» Work order
From the first line of the records below through the line containing "the obtuse-angle characterization", copy everything exactly and nothing more.

━━━━━ Study material

(* Fix p in Gamma.  It is a fixed point of both projected-gradient steps, so firm
   nonexpansiveness of the projections and inverse strong monotonicity of f and g give
     |x_{k+1} - p|^2 + |residuals_k|^2
       + lam (2 alpha - lam) (|g x_k - g p|^2 + |f y_k - f p|^2) <= |x_k - p|^2.
   Hence (x_k) is Fejer monotone with respect to Gamma, all residuals tend to 0, and
   (P_Gamma x_k) is a Cauchy sequence with some limit xs.  Weak cluster points are taken
   along ultrafilters refining the cofinite filter: a bounded sequence has a weak limit
   along any ultrafilter (compactness of real intervals and the Riesz representation
   theorem), such a limit lies in Gamma because the residuals vanish, and it equals xs by
   the obtuse-angle characterization of P_Gamma.  A real sequence converging to the same
   limit along every such ultrafilter converges along the cofinite filter itself. *)

From Pilot Require Import Defs.
From HB Require Import structures.
From mathcomp Require Import all_boot all_order all_algebra.
From mathcomp Require Import all_classical all_reals all_analysis.
From mathcomp Require Import ring lra.
Import Order.TTheory GRing.Theory Num.Theory.
Import numFieldNormedType.Exports.
Local Open Scope classical_set_scope.
Local Open Scope ring_scope.
Set Implicit Arguments. Unset Strict Implicit. Unset Printing Implicit Defensive.

Lemma quad_ge0_lin_coef_eq0 (R : realFieldType) (c n : R) :
  (forall t, 0 <= 2 * t * c + t ^+ 2 * n) -> c = 0.
Proof.
move=> quad; set N := `|n| + 1.
have N0 : 0 < N by rewrite ltr_wpDl.
have := quad (- c / N); rewrite -(pmulr_rge0 _ (exprn_gt0 2 N0)).
have -> : N ^+ 2 * (2 * (- c / N) * c + (- c / N) ^+ 2 * n) = c ^+ 2 * (n - 2 * N).
  by field; rewrite gt_eqF.
have : n - 2 * N < 0 by rewrite /N; have := ler_norm n; have := normr_ge0 n; lra.
move=> neg ge0; have : c ^+ 2 <= 0 by nra.
by move=> le0; apply/eqP; rewrite -sqrf_eq0 eq_le le0 sqr_ge0.
Qed.

Lemma ge0_seq_almost_min (R : realType) (a : R ^nat) :
  (forall k, 0 <= a k) -> forall e, 0 < e -> exists N, forall m, a N < a m + e.
Proof.
move=> a0 e e0; have ainf : has_inf (range a).
  by split; [exists (a 0%N), 0%N | exists 0 => _ [k _ <-]].
have [_ [N _ <-] aN] := inf_adherent e0 ainf.
exists N => m; have : inf (range a) <= a m by apply: (ge_inf ainf.2); exists m.
lra.
Qed.

Lemma cvg0_of_sqr_le_decrease (R : realType) (V : normedModType R)
    (s : nat -> V) (a : R ^nat) (c : R) :
  0 < c -> (forall k, a k.+1 <= a k) -> (forall k, 0 <= a k) ->
  (forall k, c * `|s k| ^+ 2 <= a k - a k.+1) -> s @ \oo --> 0.
Proof.
move=> c0 anoninc a0 sa; apply/cvgr0Pnorm_lt => e e0.
have [N aN] := ge0_seq_almost_min a0 (mulr_gt0 c0 (exprn_gt0 2 e0)).
exists N => // k /= Nk.
have := aN k.+1; have := (nonincreasing_seqP a).1 anoninc _ _ Nk.
have := sa k => ? ? ?; have : c * `|s k| ^+ 2 < c * e ^+ 2 by lra.
by rewrite ltr_pM2l // ltr_pXn2r ?nnegrE // ltW.
Qed.

Lemma cvg0_dominated (T : Type) (F : set_system T) {FF : Filter F}
    (R : realType) (V : normedModType R) (r : T -> R) (s : T -> V) (K : R) :
  (forall t, `|r t| <= K * `|s t|) -> s @ F --> 0 -> r @ F --> 0.
Proof.
move=> rs /cvgr0Pnorm_lt s0; apply/cvgr0Pnorm_lt => e e0.
have K1 : 0 < `|K| + 1 by rewrite ltr_wpDl.
have eK : e / (`|K| + 1) * (`|K| + 1) = e by rewrite mulfVK // gt_eqF.
near=> t; have st : `|s t| < e / (`|K| + 1) by near: t; apply/s0/divr_gt0.
apply: le_lt_trans (rs t) _.
have := ler_norm K; have := normr_ge0 K; have := normr_ge0 (s t); nra.
Unshelve. all: by end_near.
Qed.

Lemma ultra_bounded_cvg (T : Type) (U : set_system T) (R : realType)
    (r : T -> R) (B : R) :
  UltraFilter U -> (forall t, `|r t| <= B) -> cvg (r @ U).
Proof.
move=> UU rB.
have : U (r @^-1` `[- B, B]%classic).
  by apply: filterE => t /=; rewrite in_itv /= -ler_norml.
move=> /(@segment_compact R (- B) B (r @ U)) [l [_ cl]].
apply/cvg_ex; exists l => N Nl.
have [//|UnN] := in_ultra_setVsetC (r @^-1` N) UU.
by have [z [nz Nz]] := cl (~` N) N UnN Nl.
Qed.

Lemma cvg_of_ultra (T : Type) (F : set_system T) {FF : ProperFilter F}
    (R : realType) (r : T -> R) (l : R) :
  (forall U, UltraFilter U -> F `<=` U -> r @ U --> l) -> r @ F --> l.
Proof.
move=> ultra_cvg; apply/cvgrPdist_lt => e e0; apply: contrapT => nearF.
pose S := [set t | e <= `|l - r t|].
have FS A : F A -> A `&` S !=set0.
  move=> FA; apply: contrapT => AS0; apply: nearF; apply: filterS FA => t At.
  by rewrite ltNge; apply/negP => etl; apply: AS0; exists t.
pose G := filter_from F (fun A => A `&` S).
have GF : ProperFilter G.
  apply: filter_from_proper; last exact: FS.
  apply: filter_from_filter; first by exists setT; apply: filterT.
  by move=> A B FA FB; exists (A `&` B); [exact: filterI | rewrite setIACA setIid].
have [U [UU GU]] := ultraFilterLemma GF.
have FU : F `<=` U by move=> A FA; apply: GU; exists A => // t [].
have US : U S by apply: GU; exists setT; [exact: filterT | move=> t []].
have [t [lt_e le_e]] :=
  filter_ex (filterI ((cvgrPdist_lt _ _).1 (ultra_cvg U UU FU) e e0) US).
by move: le_e; rewrite /S /= leNgt lt_e.
Qed.

Section InnerProduct.
Variables (R : realType) (H : completeNormedModType R) (ip : H -> H -> R).
Hypothesis ipH : is_inner_product ip.

Lemma ipC x y : ip x y = ip y x.
Proof. by case: ipH. Qed.

Lemma ipxx x : ip x x = `|x| ^+ 2.
Proof. by case: ipH. Qed.

Lemma ip_ge0 x : 0 <= ip x x.
Proof. by rewrite ipxx sqr_ge0. Qed.

Lemma ipDZl a x y z : ip (a *: x + y) z = a * ip x z + ip y z.
Proof. by case: ipH => _ + _; apply. Qed.

Lemma ip0l z : ip 0 z = 0.
Proof. by have := ipDZl 1 0 0 z; rewrite scaler0 addr0 mul1r; lra. Qed.

Lemma ipDl x y z : ip (x + y) z = ip x z + ip y z.
Proof. by rewrite -[x in LHS]scale1r ipDZl mul1r. Qed.

Lemma ipZl a x z : ip (a *: x) z = a * ip x z.
Proof. by rewrite -[a *: x]addr0 ipDZl ip0l addr0. Qed.

Lemma ipNl x z : ip (- x) z = - ip x z.
Proof. by rewrite -scaleN1r ipZl mulN1r. Qed.

Lemma ipBl x y z : ip (x - y) z = ip x z - ip y z.
Proof. by rewrite ipDl ipNl. Qed.

Lemma ip0r z : ip z 0 = 0.
Proof. by rewrite ipC ip0l. Qed.

Lemma ipDr x y z : ip z (x + y) = ip z x + ip z y.
Proof. by rewrite ipC ipDl !(ipC z). Qed.

Lemma ipZr a x z : ip z (a *: x) = a * ip z x.
Proof. by rewrite ipC ipZl ipC. Qed.

Lemma ipNr x z : ip z (- x) = - ip z x.
Proof. by rewrite ipC ipNl ipC. Qed.

Lemma ipBr x y z : ip z (x - y) = ip z x - ip z y.
Proof. by rewrite ipDr ipNr. Qed.

Ltac ip_expand :=
  rewrite ?(ipBl, ipBr, ipDl, ipDr, ipZl, ipZr, ipNl, ipNr, ip0l, ip0r).

Lemma ip_subxx_le0_eq a b : ip (a - b) (a - b) <= 0 -> a = b.
Proof.
rewrite ipxx => le0; apply/eqP; rewrite -subr_eq0 -normr_eq0 -sqrf_eq0.
by rewrite eq_le le0 sqr_ge0.
Qed.

Lemma normr_ip_le x y : `|ip x y| <= `|x| * `|y|.
Proof.
have [->|y0] := eqVneq y 0; first by rewrite ip0r normr0 normr0 mulr0.
have ny : 0 < `|y| ^+ 2 by rewrite exprn_gt0 // normr_gt0.
(* expand [0 <= |x - t y|^2] at the minimizing [t = <x,y> / |y|^2] *)
have := ip_ge0 (x - (ip x y / `|y| ^+ 2) *: y).
ip_expand; rewrite (ipC y x) !ipxx; set c := ip x y; set n := `|y| ^+ 2.
move=> /(mulr_ge0 (ltW ny)).
rewrite [X in 0 <= X](_ : _ = n * `|x| ^+ 2 - c ^+ 2); last first.
  by rewrite -/n; field; rewrite gt_eqF.
rewrite subr_ge0 -exprMn mulrC => le_c.
by rewrite -(@ler_pXn2r _ 2) //= ?nnegrE ?mulr_ge0 // real_normK ?num_real.
Qed.

Lemma ip_le x y : ip x y <= `|x| * `|y|.
Proof. exact: le_trans (ler_norm _) (normr_ip_le x y). Qed.

Section MetricProjection.
Variables (D : set H) (P : H -> H).
Hypotheses (convD : Defs.convex_set D) (projP : is_metric_projection D P).

Lemma proj_mem x : D (P x).
Proof. by case: (projP x). Qed.

Lemma proj_obtuse x z : D z -> ip (x - P x) (z - P x) <= 0.
Proof.
move=> Dz; set p := P x; set c := ip (x - p) (z - p); set d := ip (z - p) (z - p).
(* minimality of [p] against the points [p + t (z - p)] of the segment *)
have small_t t : 0 < t -> t <= 1 -> 2 * c <= t * d.
  move=> t0 t1; have := (projP x).2 _ (convD Dz (proj_mem x) (ltW t0) t1).
  rewrite -ler_sqr ?nnegrE // -!ipxx -/p => le_p.
  have : 0 <= t * (t * d - 2 * c).
    move: le_p; rewrite /c /d; ip_expand; rewrite ?(ipC p z) ?(ipC p x) ?(ipC z x).
    lra.
  by rewrite pmulr_rge0 //; lra.
rewrite leNgt; apply/negP => c0; have d0 : 0 <= d by apply: ip_ge0.
have K0 : 0 < d + c + 1 by lra.
have := small_t (c / (d + c + 1)) (divr_gt0 c0 K0).
rewrite ler_pdivrMr // mul1r; have ht : c / (d + c + 1) * (d + c + 1) = c.
  by rewrite mulfVK // gt_eqF.
nra.
Qed.

Lemma proj_firmly_nonexpansive u v :
  `|P u - P v| ^+ 2 + `|(u - P u) - (v - P v)| ^+ 2 <= `|u - v| ^+ 2.
Proof.
have := proj_obtuse u (proj_mem v); have := proj_obtuse v (proj_mem u).
rewrite -!ipxx; set a := P u; set b := P v; ip_expand.
rewrite ?(ipC v u) ?(ipC a u) ?(ipC b u) ?(ipC a v) ?(ipC b v) ?(ipC b a); lra.
Qed.

Lemma proj_step_fixed (h : H -> H) (lam : R) p : 0 <= lam -> SOL ip D h p ->
  P (p - lam *: h p) = p.
Proof.
move=> lam0 [Dp hp]; set q := P _.
have obt := proj_obtuse (p - lam *: h p) Dp.
have vi : lam * 0 <= lam * ip (h p) (q - p) by apply/ler_wpM2l/hp/proj_mem.
apply: ip_subxx_le0_eq; move: obt vi; rewrite -/q; ip_expand.
rewrite ?(ipC q p) ?(ipC (h p) p) ?(ipC (h p) q); lra.
Qed.

Lemma proj_step_ineq (h : H -> H) (beta lam : R) (p x y : H) :
  inverse_strongly_monotone ip beta h -> 0 <= lam ->
  P (p - lam *: h p) = p -> y = P (x - lam *: h x) ->
  `|y - p| ^+ 2 + `|(x - y) - lam *: (h x - h p)| ^+ 2
  + lam * (2 * beta - lam) * `|h x - h p| ^+ 2 <= `|x - p| ^+ 2.
Proof.
move=> ism lam0 fixp {y}->.
have := proj_firmly_nonexpansive (x - lam *: h x) (p - lam *: h p).
rewrite fixp; set y := P _.
have -> : (x - lam *: h x - y) - (p - lam *: h p - p) = (x - y) - lam *: (h x - h p).
  by rewrite [p - _]addrC addrK opprK scalerBr opprB addrA (addrAC x) [RHS]addrAC.
have -> : `|x - lam *: h x - (p - lam *: h p)| ^+ 2
  = `|x - p| ^+ 2 - 2 * lam * ip (h x - h p) (x - p) + lam ^+ 2 * `|h x - h p| ^+ 2.
  rewrite -!ipxx; ip_expand.
  rewrite ?(ipC p x) ?(ipC (h x) x) ?(ipC (h p) x) ?(ipC (h x) p) ?(ipC (h p) p).
  rewrite ?(ipC (h p) (h x)) ?(ipC x (h x)) ?(ipC x (h p)) ?(ipC p (h x)) ?(ipC p (h p)).
  lra.
have : lam * (beta * `|h x - h p| ^+ 2) <= lam * ip (h x - h p) (x - p).
  exact: ler_wpM2l.
lra.
Qed.

End MetricProjection.

Section InverseStronglyMonotone.
Variables (D : set H) (h : H -> H) (beta : R).
Hypotheses (beta_gt0 : 0 < beta) (ism : inverse_strongly_monotone ip beta h).

Lemma ism_ip_le0_eq a b : ip (h a - h b) (a - b) <= 0 -> h a = h b.
Proof.
move=> le0; apply: ip_subxx_le0_eq.
have := ism a b; rewrite -ipxx; have := ip_ge0 (h a - h b).
by rewrite -(pmulr_rle0 _ beta_gt0); lra.
Qed.

Lemma ism_SOL_eq a b : SOL ip D h a -> SOL ip D h b -> h a = h b.
Proof.
move=> [Da va] [Db vb]; apply: ism_ip_le0_eq.
have := va _ Db; have := vb _ Da; ip_expand.
rewrite ?(ipC b a) ?(ipC (h a) a) ?(ipC (h b) a) ?(ipC (h a) b) ?(ipC (h b) b); lra.
Qed.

━━━━━━━━━━

» Problem solution
(* Fix p in Gamma.  It is a fixed point of both projected-gradient steps, so firm
   nonexpansiveness of the projections and inverse strong monotonicity of f and g give
     |x_{k+1} - p|^2 + |residuals_k|^2
       + lam (2 alpha - lam) (|g x_k - g p|^2 + |f y_k - f p|^2) <= |x_k - p|^2.
   Hence (x_k) is Fejer monotone with respect to Gamma, all residuals tend to 0, and
   (P_Gamma x_k) is a Cauchy sequence with some limit xs.  Weak cluster points are taken
   along ultrafilters refining the cofinite filter: a bounded sequence has a weak limit
   along any ultrafilter (compactness of real intervals and the Riesz representation
   theorem), such a limit lies in Gamma because the residuals vanish, and it equals xs by
   the obtuse-angle characterization of P_Gamma.  A real sequence converging to the same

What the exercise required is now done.